Try it → The line containing "Delta (inord 5)." and all lines following it in the listing below are to be reproduced exactly, with no other lines.

Dataset →
=====

(* Let $u_1,\ldots,u_6\in\mathbb{R}^3$ be arbitrary vectors and define $v_{i+1}=[u_i,u_{i+1}]$ for $i=1,\ldots,6$ (indices mod $6$, so $v_1=[u_6,u_1]$). Let $\Delta_i=(v_i,[v_{i+1},v_{i+2}])$ for $i=1,\ldots,6$ (indices mod $6$). Then $\Delta_1\Delta_3\Delta_5=\Delta_2\Delta_4\Delta_6$.
   Context: $(a,b)$ denotes the dot product and $[a,b]$ the cross product in $\mathbb{R}^3$; $(a,[b,c])=\det(a,b,c)$. *)

From mathcomp Require Import all_boot all_order all_algebra.
From mathcomp Require Import reals.
Set Implicit Arguments. Unset Strict Implicit. Unset Printing Implicit Defensive.
Import GRing.Theory Num.Theory.
Local Open Scope ring_scope.

Definition dotp (R : realType) (a b : 'rV[R]_3) : R :=
  \sum_(i < 3) a 0 i * b 0 i.

Definition crossp (R : realType) (a b : 'rV[R]_3) : 'rV[R]_3 :=
  \row_(k < 3)
    (if k == 0 :> nat then a 0 1 * b 0 2 - a 0 2 * b 0 1
     else if k == 1 :> nat then a 0 2 * b 0 0 - a 0 0 * b 0 2
     else a 0 0 * b 0 1 - a 0 1 * b 0 0).

(* Indices mod 6: we use 0-based indices 'I_6, with i -> i+1 mod 6. *)
Definition succ6 (i : 'I_6) : 'I_6 := ordS i.

From mathcomp Require Import all_boot all_order all_algebra.
From mathcomp Require Import reals.
From mathcomp Require Import ring.
Import GRing.Theory.
Local Open Scope ring_scope.

(* Writing t_i = (u_{i-1}, [u_i, u_{i+1}]), the identity
   ([a,b], [[b,c],[c,d]]) = (a,[b,c]) (b,[c,d]) gives Delta_i = t_i t_{i+1};
   hence both sides equal t_1 t_2 ... t_6. *)

Definition triple {R : realType} (a b c : 'rV[R]_3) : R := dotp a (crossp b c).

Lemma dotpE (R : realType) (a b : 'rV[R]_3) :
  dotp a b = a 0 0 * b 0 0 + a 0 1 * b 0 1 + a 0 2 * b 0 2.
Proof.
rewrite /dotp !big_ord_recr big_ord0 /= add0r.
by congr (_ * _ + _ * _ + _ * _); congr (_ 0 _); apply/val_inj.
Qed.

Lemma triple_crossp (R : realType) (a b c d : 'rV[R]_3) :
  triple (crossp a b) (crossp b c) (crossp c d) = triple a b c * triple b c d.
Proof. by rewrite /triple !dotpE /crossp !mxE /=; ring. Qed.

Lemma ordS_inord (n k : nat) : (k <= n)%N ->
  ordS (inord k : 'I_n.+1) = inord (k.+1 %% n.+1).
Proof. by move=> le_kn; apply/val_inj; rewrite /= inordK // inordK ?ltn_pmod. Qed.

Theorem mainTheorem5 (R : realType) (u : 'I_6 -> 'rV[R]_3) :
  let v : 'I_6 -> 'rV[R]_3 := fun j => crossp (u (ord_pred j)) (u j) in
  let Delta : 'I_6 -> R := fun i => dotp (v i) (crossp (v (succ6 i)) (v (succ6 (succ6 i)))) in
  Delta (inord 0) * Delta (inord 2) * Delta (inord 4)
  = Delta (inord 1) * Delta (inord 3) * Delta (inord 5).
Proof.
move=> v Delta.
pose t i := triple (u (ord_pred i)) (u i) (u (succ6 i)).
have Delta_t i : Delta i = t i * t (succ6 i).
  by rewrite /Delta /v /succ6 !ordSK -[LHS]/(triple _ _ _) triple_crossp /t ordSK.
rewrite !Delta_t /succ6 !ordS_inord //=.
ring.
Qed.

=====

Exercise result →
  = Delta (inord 1) * Delta (inord 3) * Delta (inord 5).
Proof.
move=> v Delta.
pose t i := triple (u (ord_pred i)) (u i) (u (succ6 i)).
have Delta_t i : Delta i = t i * t (succ6 i).
  by rewrite /Delta /v /succ6 !ordSK -[LHS]/(triple _ _ _) triple_crossp /t ordSK.
rewrite !Delta_t /succ6 !ordS_inord //=.
ring.
Qed.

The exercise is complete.